Sales won’t happen until financing becomes easier to obtain and some purchases are made to establish value.
Before a substantial amount of new industrial can be built, existing inventory must be absorbed. Therefore, an up-tick in construction won’t take place for at least another year, and significant new construction, for another two to three years. When building starts, it’ll be selective and in strong submarkets. We likely will see more environment-friendly industrial buildings.

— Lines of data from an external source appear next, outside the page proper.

(* Let $n\ge 3$ and let $D_n=\langle \rho,\tau \mid \rho^n=\tau^2=1,\ \tau\rho\tau=\rho^{-1}\rangle$ be the dihedral group of order $2n$. Let $0<i<j<n$ and $X=\mathrm{Cay}(D_n;\{\tau,\rho^i\tau,\rho^j\tau\})$. Then $X$ is connected if and only if $\gcd(n,i,j)=1$. Moreover, if $\gcd(n,i,j)=1$ and $m=\gcd(n,i)$, then $X$ is isomorphic to the honeycomb toroidal graph $\mathrm{HTG}(m,2n/m,\ell)$ for some integer $\ell$.
   Context: For a finite group $G$ and $S\subset G$ with $1\notin S$ and $S=S^{-1}$, the Cayley graph $\mathrm{Cay}(G;S)$ has vertex set $G$, with $g$ adjacent to $h$ iff $h=gs$ for some $s\in S$. Honeycomb toroidal graph: let $m\ge 1$ be an integer, $n'\ge 4$ an even integer, and $\ell$ an integer with $\ell\equiv m \pmod 2$. The graph $\mathrm{HTG}(m,n',\ell)$ has vertex set $\{u_{a,b}: 0\le a\le m-1,\ b\in\mathbb{Z}_{n'}\}$ and edges: vertical edges $u_{a,b}u_{a,b+1}$ for all $a,b$; flat edges $u_{a,b}u_{a+1,b}$ for $0\le a\le m-2$ and all $b$ with $a+b$ odd; jump edges $u_{m-1,b}u_{0,b+\ell}$ for all $b$ with $b\equiv m\pmod 2$ (second subscripts modulo $n'$). *)

From mathcomp Require Import all_boot all_algebra all_fingroup.
Set Implicit Arguments. Unset Strict Implicit. Unset Printing Implicit Defensive.

Definition cay_adj (gT : finGroupType) (S : {set gT}) : rel gT :=
  fun g h => (g^-1 * h)%g \in S.

Definition connected_graph (T : finType) (e : rel T) : Prop :=
  forall x y : T, connect e x y.

Definition graph_iso (T1 T2 : finType) (e1 : rel T1) (e2 : rel T2) : Prop :=
  exists f : T1 -> T2, bijective f /\ forall x y, e2 (f x) (f y) = e1 x y.

(* Honeycomb toroidal graph HTG(m, n', l): vertex u_{a,b} is the pair (a, b)
   with a : 'I_m and b : 'I_n' (b read in Z_n').  Directed "edge generators": *)
Definition htg_edge (m n' : nat) (l : int) (x y : 'I_m * 'I_n') : bool :=
  let: (a1, b1) := x in let: (a2, b2) := y in
  [&& (a1 : nat) == a2 & (b2 : nat) == (b1.+1 %% n')%N]
  || [&& (a2 : nat) == a1.+1, (b1 : nat) == b2 & odd (a1 + b1)]
  || [&& (a1 : nat) == m.-1, (a2 : nat) == 0%N, odd b1 == odd m
       & ((b2 : nat)%:Z == ((b1 : nat)%:Z + l) %% (n' : nat)%:Z)%Z].

Definition htg_adj (m n' : nat) (l : int) : rel ('I_m * 'I_n') :=
  fun x y => htg_edge l x y || htg_edge l y x.

From mathcomp Require Import all_boot all_algebra all_fingroup all_solvable.
From mathcomp Require Import zify.
Set Implicit Arguments. Unset Strict Implicit. Unset Printing Implicit Defensive.

(* If d = gcd(n, i, j) then S lies in the subgroup <rho^d><tau>, which
   contains rho only when d = 1; conversely rho^i = (rho^i tau) tau and
   rho^j lie in <<S>>, hence so does rho^gcd(n, i, j) (refl_genP).

   Let m = gcd(n, i), N = n/m, and choose c >= m with
   c i = m j (mod n).  The vertex u_{a,b} of HTG(m, 2N, 2c - m) is mapped to
   rho^(a j + h i) tau^[a + b even], where h = hheight m a b grows by one
   every second step up a column.  Orienting the Cayley graph (a rotation
   has out-edges rho^i tau and rho^j tau, a reflection the out-edge tau),
   vertical steps of HTG become the tau / rho^i tau edges and flat/jump steps
   the rho^j tau edges; the shift 2c - m makes the last column close up onto
   the first.  Injectivity is pure arithmetic modulo n (using gcd(m, j) = 1
   and gcd(N, i/m) = 1), and both graphs have 2n vertices. *)

Lemma eq_mod_close N x y : x = y %[mod N] -> x < y + N -> y < x + N -> x = y.
Proof.
wlog le_xy : x y / x <= y => [W eq_xy lt_x lt_y|].
  case: (leqP x y) => [le_xy | /ltnW le_yx]; first exact: W.
  exact/esym/(W y x le_yx (esym eq_xy) lt_y lt_x).
move=> /esym/eqP; rewrite eqn_mod_dvd // => /dvdnP[k hk] _ lt_yx.
have : k * N < N by rewrite -hk; lia.
by case: k hk => [|k] hk; [lia | rewrite mulSn; lia].
Qed.

Lemma mod_cancel_coprime d k x y : coprime d k ->
  x * k = y * k %[mod d] -> x = y %[mod d].
Proof.
move=> co; wlog le_xy : x y / x <= y => [W|].
  by case: (leqP x y) => [/W|/ltnW/W] // h /esym/h.
move=> /eqP; rewrite eq_sym eqn_mod_dvd ?leq_mul2r ?le_xy ?orbT // -mulnBl.
by rewrite Gauss_dvdl // -eqn_mod_dvd // eq_sym => /eqP.
Qed.

(* Since gcd(n, i) is an integral combination of n and i, some c >= gcd(n, i)
   satisfies c * i = gcd(n, i) * j modulo n, for every j. *)
Lemma gcd_multiple_shift n i j : 0 < n ->
  exists2 c, gcdn n i <= c & c * i = gcdn n i * j %[mod n].
Proof.
move=> n_gt0; have [a lt_an /dvdnP[k hk]] := Bezoutl i n_gt0.
exists ((n - a) * j + gcdn n i * n); first exact: leq_trans (leq_pmulr _ n_gt0) (leq_addl _ _).
have ai_le : a * i <= n * i by rewrite leq_mul2r ltnW ?orbT.
have shift : (n - a) * i = gcdn n i %[mod n].
  rewrite -(modnMDl k) -hk.
  have -> : gcdn n i + a * i + (n - a) * i = i * n + gcdn n i by rewrite mulnBl; lia.
  by rewrite modnMDl.
have -> : ((n - a) * j + gcdn n i * n) * i = gcdn n i * i * n + (n - a) * i * j.
  by rewrite mulnDl addnC -!mulnA (mulnC n i) (mulnC j i).
by rewrite modnMDl -modnMml shift modnMml.
Qed.

Lemma double_sub_parity m c : m <= c -> ((2 : int) %| (Posz (c.*2 - m) - Posz m)%R)%Z.
Proof.
move=> le_mc; have -> : (c.*2 - m = (c - m).*2 + m)%N by lia.
by rewrite PoszD GRing.addrK dvdzE /= dvdn2 odd_double.
Qed.

(* The height of the vertex u_{a,b} (0 <= a <= m) of a honeycomb graph:
   it increases by one along every other vertical edge of a column and is
   constant along flat edges. *)
Definition hheight (m a b : nat) : nat := (b + m.*2 - a) %/ 2.

Lemma hheightS m a b : a <= m -> hheight m a b.+1 = hheight m a b + odd (a + b).
Proof. rewrite /hheight; lia. Qed.

Lemma hheight_flat m a b : a < m -> odd (a + b) -> hheight m a.+1 b = hheight m a b.
Proof. rewrite /hheight; lia. Qed.

Lemma hheight_period m a b N : a <= m -> hheight m a (b + N.*2) = hheight m a b + N.
Proof. rewrite /hheight; lia. Qed.

Lemma hheight_wrap m b c :
  m <= c -> hheight m 0 (b + (c.*2 - m)) = hheight m m b + c.
Proof. rewrite /hheight; lia. Qed.

Lemma hheight_inj_mod m N a b b' : a <= m -> b < N.*2 -> b' < N.*2 ->
  odd (a + b) = odd (a + b') -> hheight m a b = hheight m a b' %[mod N] -> b = b'.
Proof.
move=> le_am lt_b lt_b' par /eq_mod_close eq_h.
have : hheight m a b = hheight m a b' by apply: eq_h; rewrite /hheight; lia.
rewrite /hheight; lia.
Qed.

Lemma honeycomb_exponent_inj n i m j a a' b b' :
  0 < m -> gcdn n i = m -> coprime m j -> a < m -> a' < m ->
  b < (n %/ m).*2 -> b' < (n %/ m).*2 -> odd (a + b) = odd (a' + b') ->
  a * j + hheight m a b * i = a' * j + hheight m a' b' * i %[mod n] ->
  a = a' /\ b = b'.
Proof.
move=> m_gt0 def_m co_mj lt_am lt_a'm lt_b lt_b' par cong.
have [/dvdnP[N def_n] /dvdnP[I def_i]] : m %| n /\ m %| i.
  by rewrite -def_m dvdn_gcdl dvdn_gcdr.
subst n i; rewrite mulnK // in lt_b lt_b'.
have co_NI : coprime N I.
  by rewrite /coprime -(eqn_pmul2r m_gt0) mul1n muln_gcdl def_m.
have eq_a : a = a'.
  apply/eqP; rewrite -(modn_small lt_am) -(modn_small lt_a'm).
  apply/eqP/(mod_cancel_coprime co_mj).
  move: cong => /(congr1 (modn^~ m)); rewrite !modn_dvdm ?dvdn_mull //.
  by rewrite !mulnA ![_ + _ * m]addnC !modnMDl.
subst a'; split=> //; apply: (hheight_inj_mod (ltnW lt_am) lt_b lt_b' par).
move: cong => /eqP; rewrite eqn_modDl => /eqP cong.
apply: (mod_cancel_coprime co_NI); apply/eqP.
by rewrite -(eqn_pmul2r m_gt0) !muln_modl // -!mulnA; apply/eqP.
Qed.

Section HoneycombMoves.
Variables (m n' l : nat).
Hypotheses (m_gt0 : 0 < m) (n'_gt0 : 0 < n').

Definition htg_up (x : 'I_m * 'I_n') : 'I_m * 'I_n' :=
  (x.1, Ordinal (ltn_pmod x.2.+1 n'_gt0)).

Definition htg_jump (x : 'I_m * 'I_n') : 'I_m * 'I_n' :=
  (Ordinal (ltn_pmod x.1.+1 m_gt0),
   if x.1.+1 < m then x.2 else Ordinal (ltn_pmod (x.2 + l) n'_gt0)).

Lemma htg_edgeE x y :
  htg_edge (Posz l) x y = (y == htg_up x) || odd (x.1 + x.2) && (y == htg_jump x).
Proof.
case: x y => [a1 b1] [a2 b2]; rewrite /htg_edge /htg_up /htg_jump /=.
rewrite !xpair_eqE; case: ltnP => [lt_a1m | le_ma1]; rewrite -!val_eqE /=.
  have -> : (a1 == m.-1 :> nat) = false by apply/negbTE; lia.
  rewrite (modn_small lt_a1m) (eq_sym (a1 : nat)) (eq_sym (b1 : nat)).
  by case: (odd _); rewrite /= ?andbT ?andbF ?orbF.
have def_m : a1.+1 = m by have := ltn_ord a1; lia.
have -> : (a2 == a1.+1 :> nat) = false by apply/negbTE; have := ltn_ord a2; lia.
have -> : (a1 == m.-1 :> nat) by apply/eqP; lia.
have -> : a1.+1 %% m = 0 by rewrite def_m modnn.
have -> : odd m = ~~ odd a1 by lia.
rewrite -PoszD modz_nat eqz_nat (eq_sym (a1 : nat)) oddD.
by case: (odd a1); case: (odd b1); rewrite /= ?andbF ?orbF.
Qed.

End HoneycombMoves.

Import GroupScope.

Section CayleyConnectivity.
Variables (gT : finGroupType) (S : {set gT}).

Lemma cay_connect_transl z x y :
  connect (cay_adj S) x y -> connect (cay_adj S) (z * x) (z * y).
Proof.
move=> /connectP[p pth ->]; apply/connectP; exists (map (fun w => z * w) p); last first.
  by rewrite last_map.
elim: p x pth => //= a p IH x /andP[xa pth]; rewrite IH // andbT.
by rewrite /cay_adj invMg -mulgA mulKg.
Qed.

Lemma cay_connect1E w : connect (cay_adj S) 1 w = (w \in <<S>>).
Proof.
have reach_group : group_set [set u | connect (cay_adj S) 1 u].
  apply/group_setP; split=> [|u v]; first by rewrite inE connect0.
  rewrite !inE => c1u c1v; apply: connect_trans c1u _.
  by rewrite -[u in connect _ u _]mulg1; apply: cay_connect_transl.
have path_gen x p : x \in <<S>> -> path (cay_adj S) x p -> last x p \in <<S>>.
  elim: p x => //= a p IH x genx /andP[xa pth]; apply: IH pth.
  by rewrite -(mulKVg x a) groupM //; apply: mem_gen.
apply/idP/idP => [/connectP[p pth ->] | w_gen]; first exact: path_gen pth.
have : w \in Group reach_group.
  apply: subsetP w_gen; rewrite gen_subG; apply/subsetP => s Ss.
  by rewrite inE connect1 // /cay_adj invg1 mul1g.
by rewrite inE.
Qed.

Lemma cay_connectE x y : connect (cay_adj S) x y = (x^-1 * y \in <<S>>).
Proof.
rewrite -cay_connect1E; apply/idP/idP => [/(cay_connect_transl x^-1)|].
  by rewrite mulVg.
by move/(cay_connect_transl x); rewrite mulg1 mulKVg.
Qed.

Lemma cay_connectedP : connected_graph (cay_adj S) <-> <<S>> = [set: gT].
Proof.
split=> [conn | genS x y]; last by rewrite cay_connectE genS inE.
by apply/setP => w; rewrite -cay_connect1E inE conn.
Qed.

End CayleyConnectivity.

Lemma expg_gcd_mem (gT : finGroupType) (G : {group gT}) (r : gT) x y :
  0 < x -> r ^+ x \in G -> r ^+ y \in G -> r ^+ gcdn x y \in G.
Proof.
move=> x_gt0 Gx Gy; have [a _ /dvdnP[k bezout]] := Bezoutl y x_gt0.
have -> : r ^+ gcdn x y = r ^+ (k * x) * (r ^+ (a * y))^-1.
  by rewrite -bezout expgD mulgK.
by rewrite groupM ?groupV // mulnC expgM groupX.
Qed.

Section Dihedral.
Variables (n : nat) (gT : finGroupType) (rho tau : gT).
Hypotheses (n_gt0 : 0 < n) (gen_rho_tau : <<[set rho; tau]>> = [set: gT]).
Hypotheses (rho_n : rho ^+ n = 1) (tau2 : tau ^+ 2 = 1).
Hypotheses (tau_rho_tau : tau * rho * tau = rho^-1) (card_gT : #|gT| = n.*2).

Lemma tauV : tau^-1 = tau.
Proof. by apply/eqP; rewrite eq_invg_mul -tau2. Qed.

Lemma rotJ e : (rho ^+ e) ^ tau = rho ^- e.
Proof. by rewrite conjXg /conjg tauV mulgA tau_rho_tau expgVn. Qed.

Lemma mem_cycle_tau t : t \in <[tau]> -> t = 1 \/ t = tau.
Proof.
case/cycleP=> k ->; rewrite -(expg_mod k tau2) modn2.
by case: (odd k); [right; rewrite expg1 | left; rewrite expg0].
Qed.

Lemma cycle_tau_norm e : <[tau]> \subset 'N(<[rho ^+ e]>).
Proof. by rewrite cycle_subG inE -cycleJ rotJ cycleV. Qed.

Lemma rot_mul_cycle_tau : [set: gT] = <[rho]> * <[tau]>.
Proof.
rewrite -[rho]expg1 -norm_joinEr ?cycle_tau_norm // expg1.
apply/eqP; rewrite eqEsubset subsetT -gen_rho_tau genS //.
by apply/subsetP => x /set2P[] ->; rewrite inE ?cycle_id ?orbT.
Qed.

“I think that people are posturing themselves so once the market shifts back to the good, they’re going to seek sustainable ways,” said Tony Dazzio, senior vice-president of Burke & Associates, a full service general contrator based in Southern Nevada.
Northern Nevada
According to the experts, vacancies likely will increase in 2009. When development and construction accelerate, Northern Nevada will likely see smaller, multi-tenant buildings. Big-box construction likely won’t come back online again until early to mid-2010 at the earliest. The use of “green” building practices also is expected to heighten.
Leasing likely will pick up this year in the third or fourth quarter. Rental rates are expected to remain in the 10- to 20-percent below levels throughout 2009 and into 2010 until some vacancies are absorbed. Sales will gain momentum once leasing picks up, credit is easier to obtain and new projects can be justified financially.
“It’s going to be another year to work our way out of it,” Tolles said.